別ブログのゲームブック攻略記事について
さて、現在のNOVAは、空想(妄想)タイムで、『暗黒の三つの顔』攻略記事を立ち上げました。
まずはアランシア編を完結させて、それから旧世界編、クール編をゆっくり仕上げて行こうと思っています。
そして、書いているうちに、『ソーサリー』4部作も空想(妄想)タイムで仕上げたらいいな、と気まぐれに思い立ちます。
『ソーサリー』の場合、始めたら4部作なので、途中で別の作品に切り替えたりしたら、記事書きの流れがおかしくなる。だけど、一気に(例えば1ヶ月で)全部終わらせることは分量的に難しい。
『ソーサリー』で懸念していたのは、例えば2巻のカーレを終わらせた後に、別の作品の記事を書きたくなった場合、どうすればいいのか?
『七匹の大蛇』をプレイするのか、それとも衝動任せに、突発的にやりたくなったゲームブックをプレイしていいのか。
そんなことを考えながら、得た結論。『ソーサリー』は番外編として、『王子の対決』などと同様に、自分のメインブログでじっくり攻略しよう、と。
ちょうど『王子の対決』が、戦士の書と、魔法使いの書で2人のプレイヤーで完結させたように、ソーサリーも戦士編と魔法使い編でそれぞれ攻略できるようになってるし、『暗黒の三つの顔』を完結後に、『ソーサリー』をじっくり進めたらいいな、と。
一方、こちらは1冊完結の作品をテンポよく攻略していけばいいかな、と。
そんなことを考えた今日この頃です。
ともあれ、自分が初めて解いたFFゲームブックが、『ソーサリー』なもので、この作品がマイベストFFということになりますね。ただし、4部作なので、どの巻がベストかと考えると、実は3作めの『七匹の大蛇』だったりします。
理由は、大蛇を順に狩っていくというシチュエーションが、ゲーム的に面白いのと、狩った敵の数に応じて、最後に成長できるというRPGらしさを備えているから。
もちろん、各巻ともに、それぞれの魅力があるのは承知しているのですが、ゲームとしては、各蛇それぞれの弱点が設定されていて、強敵でも、その弱点を突けば、あっさり撃退できる点もお気に入り。

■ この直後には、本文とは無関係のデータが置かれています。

Inductive axiom : form -> Prop :=
| ax_taut f : taut f -> axiom f
| ax_Knext f g :
    axiom (fimp (FNext (fimp f g)) (fimp (FNext f) (FNext g)))
| ax_nextneg f : axiom (fiff (FNext (FNeg f)) (FNeg (FNext f)))
| ax_KD X f g :
    axiom (fimp (FBox X (fimp f g)) (fimp (FBox X f) (FBox X g)))
| ax_predD P (xs : (ar P).-tuple term) :
    axiom (fimp (FPred xs) (FBox [fset x | x in val xs] (FPred xs)))
| ax_depD X y : axiom (fimp (FDep X y) (FBox X (FDep X y)))
| ax_T X f : axiom (fimp (FBox X f) f)
| ax_4 X f : axiom (fimp (FBox X f) (FBox X (FBox X f)))
| ax_5 X f : axiom (fimp (FNeg (FBox X f)) (FBox X (FNeg (FBox X f))))
| ax_refl X x : x \in X -> axiom (FDep X x)
| ax_trans X Y Z : axiom (fimp (FAnd (fDeps X Y) (fDeps Y Z)) (fDeps X Z))
| ax_Vnext v : axiom (FDep Vset (tnext (tvar v)))
| ax_transfer X Y f : axiom (fimp (FAnd (fDeps X Y) (FBox Y f)) (FBox X f))
| ax_empty f : axiom (fimp (FBox fset0 f) (FNext f))
| ax_nextpred P (xs : (ar P).-tuple term) :
    axiom (fiff (FNext (FPred xs)) (FPred (map_tuple tnext xs)))
| ax_nextbox X f : axiom (fimp (FNext (FBox X f)) (FBox (nextset X) (FNext f)))
| ax_nextdep X y : axiom (fimp (FNext (FDep X y)) (FDep (nextset X) (tnext y))).

Inductive DFD : form -> Prop :=
| DFD_ax f : axiom f -> DFD f
| DFD_mp f g : DFD (fimp f g) -> DFD f -> DFD g
| DFD_nec X f : DFD f -> DFD (FBox X f).

Inductive DFDne : form -> Prop :=
| DFDne_ax f : axiom f -> ne f -> DFDne f
| DFDne_mp f g : DFDne (fimp f g) -> DFDne f -> DFDne g
| DFDne_nec X f : X != fset0 -> DFDne f -> DFDne (FBox X f)
| DFDne_necnext f : DFDne f -> DFDne (FNext f).

Record rstruct : Type := RStruct {
  W : Type;
  gnext : W -> W;
  eqr : {fset term} -> W -> W -> Prop;
  valP : forall P : Pred, (ar P).-tuple term -> W -> Prop;
  valD : {fset term} -> term -> W -> Prop
}.
Arguments gnext r _ : clear implicits, rename.
Arguments eqr r _ _ _ : clear implicits, rename.
Arguments valP r {P} _ _ : rename.
Arguments valD r _ _ _ : clear implicits, rename.

Fixpoint sat (M : rstruct) (s : W M) (f : form) : Prop :=
  match f with
  | FTop => True
  | FPred P xs => valP M xs s
  | FNeg f => ~ @sat M s f
  | FAnd f g => @sat M s f /\ @sat M s g
  | FNext f => @sat M (gnext M s) f
  | FBox X f => forall t, eqr M X s t -> @sat M t f
  | FDep X y => valD M X y s
  end.
Arguments sat M s f : clear implicits.

Definition satDeps (M : rstruct) (s : W M) (X Y : {fset term}) : Prop :=
  forall y, y \in Y -> valD M X y s.
Arguments satDeps M s X Y : clear implicits.

(* Conditions C2--C8, required for the subscripts satisfying [ok]
   ([ok] = all sets for general relational models, [ok] = non-empty sets for
   models of DFD^{<>empty}). *)
Record conds (ok : {fset term} -> bool) (M : rstruct) : Prop := {
  C2_refl : forall X s, ok X -> eqr M X s s;
  C2_sym : forall X s w, ok X -> eqr M X s w -> eqr M X w s;
  C2_trans : forall X s w u, ok X -> eqr M X s w -> eqr M X w u -> eqr M X s u;
  C3_refl : forall X x s, ok X -> x \in X -> valD M X x s;
  C3_trans : forall X Y Z s, ok X -> ok Y ->
    satDeps M s X Y -> satDeps M s Y Z -> satDeps M s X Z;
  C3_next : forall x s, ok Vset -> valD M Vset (tnext x) s;
  C4 : forall X Y s w, ok X -> ok Y -> eqr M X s w -> satDeps M s X Y ->
    satDeps M w X Y /\ eqr M Y s w;
  C5 : forall X P (xs : (ar P).-tuple term) s w, ok X -> eqr M X s w ->
    valP M xs s -> (forall x, x \in val xs -> x \in X) -> valP M xs w;
  C6 : forall P (xs : (ar P).-tuple term) s,
    valP M (map_tuple tnext xs) s <-> valP M xs (gnext M s);
  C7 : forall X s w, ok X -> eqr M (nextset X) s w ->
    eqr M X (gnext M s) (gnext M w);
  C8 : forall X Y s, ok X -> satDeps M (gnext M s) X Y ->
    satDeps M s (nextset X) (nextset Y)
}.

Definition is_grm (M : rstruct) : Prop :=
  (forall s w, eqr M fset0 s w) /\ conds (fun _ => true) M.

(* General relational models of DFD^{<>empty}: C2--C8 for non-empty sets only
   (the components for the empty set are irrelevant junk). *)
Definition is_grm_ne (M : rstruct) : Prop :=
  conds (fun X => X != fset0) M.

End DFDLogic.

Arguments sat {Var Pred ar} M s f.
Arguments satDeps {Var Pred ar} M s X Y.
Arguments gnext {Var Pred ar} r _ : rename.
Arguments eqr {Var Pred ar} r _ _ _ : rename.
Arguments valD {Var Pred ar} r _ _ _ : rename.
Arguments valP {Var Pred ar} r {P} _ _ : rename.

ただのモンスター退治じゃなくて、情報収集の大切さを味わわせてくれた作品でもあります。
あとは、広い荒野の旅というのも、冒険しているって感じですね。
1巻のシャムタンティ丘陵もウィルダネスですが、こちらは集落と、その間の野外と、時々ダンジョンといろいろあって、まあ、普通の旅ものって感じ(それでも発表当時は、1冊にそれほどのヴァリエーションのあるゲームブックは斬新だったのですが)。
2巻は都市冒険ですが、どうも閉鎖環境からの脱出というシチュエーションは、80年代の自分の冒険イメージとはズレる感じで、あまりワクワクできなかった記憶があります。

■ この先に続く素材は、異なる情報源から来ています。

(* The subalgebra $\mathcal{B}^{\mp}\subset\mathrm{Y}^{\mp}(2)$ generated by the center $Z\mathrm{Y}^{\mp}(2)$ and all coefficients of the series $\sigma_1(u,F_{11})$ coincides with the subalgebra generated by $Z\mathrm{Y}^{\mp}(2)$ and the elements $s_{11}^{(2m+1)}$, $m\in\mathbb{Z}_{\ge0}$.
   Context: $\mathrm{Y}(2)$ is the algebra generated by $t^{(r)}_{ij}$, $i,j\in\{-1,1\}$, $r\ge1$, with relations $[t^{(r+1)}_{ij},t^{(s)}_{kl}]-[t^{(r)}_{ij},t^{(s+1)}_{kl}]=t^{(r)}_{kj}t^{(s)}_{il}-t^{(s)}_{kj}t^{(r)}_{il}$, $t^{(0)}_{ij}=\delta_{ij}$; $t_{ij}(u)=\sum_{r\ge0}t^{(r)}_{ij}u^{-r}$. In the symplectic case (sign $-$) $\theta_{ij}=\mathrm{sgn}(i)\mathrm{sgn}(j)$, in the orthogonal case (sign $+$) $\theta_{ij}=1$. Put $s_{ij}(u)=\sum_{a\in\{\pm1\}}\theta_{aj}t_{ia}(u)t_{-j,-a}(-u)=\delta_{ij}+\sum_{M\ge1}s^{(M)}_{ij}u^{-M}$; $\mathrm{Y}^{\mp}(2)$ is the subalgebra of $\mathrm{Y}(2)$ generated by all $s^{(M)}_{ij}$, and $Z\mathrm{Y}^{\mp}(2)$ its center. Let $W=\mathbb{C}^2$ with basis $e_{-1},e_1$, $E_{ij}$ the matrix units, transposition $E_{ij}^t=\theta_{ij}E_{-j,-i}$, $S(u)=\sum_{i,j}s_{ij}(u)\otimes E_{ij}$, $P=\sum_{i,j}E_{ij}\otimes E_{ji}$, $A_2=\frac12(1-P)$ on $W^{\otimes2}$, $F_{11}=E_{11}-E_{-1,-1}$. Then $\sigma_1(u,F_{11})=\mathrm{tr}\big[A_2\, S_1(u)\,\big(1-\tfrac{1}{3-2u}\sum_{i,j}E^t_{ij}\otimes E_{ji}\big)\,(F_{11})_2\big]$, where $S_1(u)$ acts on the first and $(F_{11})_2$ on the second tensor factor, the trace is over $W^{\otimes 2}$, and $\sigma_1$ is expanded as a series in $u^{-1}$ with coefficients in $\mathrm{Y}^{\mp}(2)$ (this $\mathcal{B}^{\mp}$ is the Bethe subalgebra for $C=F_{11}$). *)

From HB Require Import structures.
From mathcomp Require Import all_boot all_order all_algebra.
From mathcomp Require Import reals complex.
Set Implicit Arguments. Unset Strict Implicit. Unset Printing Implicit Defensive.
Import Order.TTheory GRing.Theory Num.Theory.
Local Open Scope ring_scope.

(* Index set {-1, 1} of the basis e_{-1}, e_1 of W = C^2:
   [false] stands for -1 and [true] stands for 1. *)
Definition idx := bool.
Definition ineg (i : idx) : idx := ~~ i.

Section Yangian.
Variable K : fieldType.

Definition sgn (i : idx) : K := if i then 1 else -1.

(* theta_{ij}: symplectic case (symp = true, sign -) sgn(i)sgn(j);
   orthogonal case (symp = false, sign +) 1. *)
Definition theta (symp : bool) (i j : idx) : K :=
  if symp then sgn i * sgn j else 1.

Variable A : algType K.

Definition is_subalg (P : A -> Prop) : Prop :=
  [/\ P 1, (forall x y, P x -> P y -> P (x + y)),
      (forall (c : K) x, P x -> P (c *: x)) &
      (forall x y, P x -> P y -> P (x * y))].

Definition gen_alg (G : A -> Prop) (x : A) : Prop :=
  forall P : A -> Prop, is_subalg P -> (forall y, G y -> P y) -> P x.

冒険といえば、未知の原野を旅して踏破するってイメージがあって、それを初めて堪能させてくれたのが『七匹の大蛇』。
で、最後の『王たちの冠』はまた閉鎖環境に戻って、スローベン・ドアという関門を一つ一つ突破する面白さはあるのですが、最終巻で感動するというよりは、ああ、終わったかあ、という達成感と喪失感の両方を味わって、
でも、長編連作ゲームブックの楽しみは『ドルアーガの塔』に塗り替えられた。
そう、『王たちの冠』の面白さは、後発の『ドルアーガの塔』にきれいに塗り替えられた記憶があります。
ドルアーガの塔の思い出
この作品が出たのは、86年です。
自分がゲームブックを始めたのも86年。そう、リアルタイムです。
『ソーサリー』は85年だから、自分が始めたときには、4巻ともそろっていた。だから、初体験のブレナンの作品でゲームブックというジャンルに飛び込んだあと、ソーサリーも試しに1冊プレイして、それから次々と続巻を買い揃えていった記憶があります。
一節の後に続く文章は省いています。